### [EXTRACTED MATERIAL]
- Opening Delimiter -

(* Consider the multistage ANC game described in the context, with linear plant $x^{t+1}=A_tx^t+b^tB_tu^t$, and assume: (i) for every $t=0,\dots,T-1$ there exist scalars $e_t,d_t$ and functions $\alpha_t,\beta_t:\mathbb{R}_+\to\mathbb{R}$ with $\lim_{y\to+\infty}\alpha_t(y)=\lim_{y\to+\infty}\beta_t(y)=+\infty$, $\alpha_t(y)\ge e_t$, $\beta_t(y)\ge d_t$, such that $\sigma^t(x,u)\ge\alpha_t(\|u\|)+\beta_t(\|x\|)$ for all $x\in\mathbb{R}^n$, $u\in\mathbb{R}^m$; (ii) for all $t=0,\dots,T-1$, $\sigma^t:\mathbb{R}^n\times\mathbb{R}^m\to\mathbb{R}_+$ is convex in both its arguments (jointly); (iii) $\sigma^T:\mathbb{R}^n\to\mathbb{R}_+$ is convex and there exist a scalar $d_T$ and a function $\beta_T:\mathbb{R}_+\to\mathbb{R}_+$ with $\lim_{y\to+\infty}\beta_T(y)=+\infty$, $\beta_T(y)\ge d_T$, such that $\sigma^T(x)\ge\beta_T(\|x\|)$; (iv) $\sigma^T$ is continuous; for every $t=0,\dots,T-1$, $\sigma^t(\cdot,u)$ is continuous uniformly in $u\in\mathbb{R}^m$, and $\sigma^t(x,\cdot)$ is continuous for every $x\in\mathbb{R}^n$. Define $V_T(x,s)=\sigma^T(x)-g^T(s)$ and, recursively for $t=T-1,\dots,0$, \[ V_t(x,s)=\inf_{u\in\mathbb{R}^m}\sup_{p\in\mathcal{S}_{N-1}}p'\mathcal{V}_t(x,s,u), \] where $\mathcal{V}_t(x,s,u)\in\mathbb{R}^N$ has components \[ [\mathcal{V}_t(x,s,u)]_a=\sigma^t(x,u)-g^t(a,s)+\sum_{i\in\mathcal{F}}P^t_{si}(a)\big[q^t_iV_{t+1}(A_tx+B_tu,i)+(1-q^t_i)V_{t+1}(A_tx,i)\big]. \] Then for all $t=0,\dots,T-1$, $x\in\mathbb{R}^n$, $s\in\mathcal{F}$, the value functions $V_t$ are well defined, in the sense that \[ \inf_{u\in\mathbb{R}^m}\sup_{p\in\mathcal{S}_{N-1}}p'\mathcal{V}_t(x,s,u)=\sup_{p\in\mathcal{S}_{N-1}}\inf_{u\in\mathbb{R}^m}p'\mathcal{V}_t(x,s,u) \] and this common value is finite, and $V_t(\cdot,s)$ is convex and continuous in $x$. Furthermore, the strategy pair defined by $(u^* )^t=\arg\inf_{u\in\mathbb{R}^m}\sup_{p\in\mathcal{S}_{N-1}}p'\mathcal{V}_t(x,s,u)$ and $(p^* )^t=\arg\sup_{p\in\mathcal{S}_{N-1}}\inf_{u\in\mathbb{R}^m}p'\mathcal{V}_t(x,s,u)$ is a saddle-point strategy of the multistage ANC game.
   Context: Multistage ANC game on horizon $\{0,\dots,T\}$. Regimes $\mathcal{F}=\{1,\dots,|\mathcal{F}|\}$, jammer actions $\mathcal{A}=\{1,\dots,N\}$, $\mathcal{S}_{N-1}$ the unit simplex in $\mathbb{R}^N$. For each $t$ and $a\in\mathcal{A}$, $P^t(a)$ is an $|\mathcal{F}|\times|\mathcal{F}|$ row-stochastic matrix, and $q^t=(q^t_1,\dots,q^t_{|\mathcal{F}|})'\in[0,1]^{|\mathcal{F}|}$. $A_t,B_t$ are real matrices of sizes $n\times n$, $n\times m$. The state is $(x^t,s^t)\in\mathbb{R}^n\times\mathcal{F}$, with given initial $(x^0,s^0)$. At each $t\le T-1$ the controller, observing $(x^t,s^t)$, chooses $u^t\in\mathbb{R}^m$; the jammer, observing $(x^t,s^t)$ and $u^t$, chooses a probability vector $p^t\in\mathcal{S}_{N-1}$ and $a^t$ is drawn according to $p^t$; then $s^{t+1}$ is drawn with $\mathrm{Pr}(s^{t+1}=i\mid s^t=j,a^t=a)=P^t_{ji}(a)$, $b^t\in\{0,1\}$ is drawn with $\mathrm{Pr}(b^t=1\mid s^{t+1}=i)=q^t_i$ (conditionally independent of everything else given $s^{t+1}$), and $x^{t+1}=A_tx^t+b^tB_tu^t$. Stage costs $\sigma^t:\mathbb{R}^n\times\mathbb{R}^m\to\mathbb{R}_+$, terminal cost $\sigma^T:\mathbb{R}^n\to\mathbb{R}_+$, jammer costs $g^t:\mathcal{A}\times\mathcal{F}\to\mathbb{R}$ ($t<T$) and $g^T:\mathcal{F}\to\mathbb{R}$. The total payoff is $\Sigma=\sum_{t=0}^{T-1}\sigma^t(x^t,u^t)+\sigma^T(x^T)-\sum_{t=0}^{T-1}g^t(a^t,s^t)$; the controller minimizes and the jammer maximizes its expectation $\mathbb{E}^{u,p}[\Sigma]$ over strategy sequences $\{u^t\}$, $\{p^t\}$. A saddle-point strategy is a pair $(\{(u^* )^t\},\{(p^* )^t\})$ with $\mathbb{E}^{u^*,p^*}[\Sigma]=\inf_{\{u^t\}}\sup_{\{p^t\}}\mathbb{E}^{u,p}[\Sigma]=\sup_{\{p^t\}}\inf_{\{u^t\}}\mathbb{E}^{u,p}[\Sigma]$. *)

From HB Require Import structures.
From mathcomp Require Import all_boot all_order all_algebra.
From mathcomp Require Import all_classical all_reals all_analysis.
Set Implicit Arguments. Unset Strict Implicit. Unset Printing Implicit Defensive.
Import Order.TTheory GRing.Theory Num.Theory.
Import numFieldNormedType.Exports.
Local Open Scope ring_scope.
Local Open Scope classical_set_scope.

- Closing Delimiter -

### [TASK INSTRUCTIONS]
The range begins at the line containing "Import Order.TTheory GRing.Theory Num.Theory." and ends at the last line of the entries; reproduce it exactly.

### [SOLUTION FOR THIS EXERCISE]
Import Order.TTheory GRing.Theory Num.Theory.
Import numFieldNormedType.Exports.
Local Open Scope ring_scope.
Local Open Scope classical_set_scope.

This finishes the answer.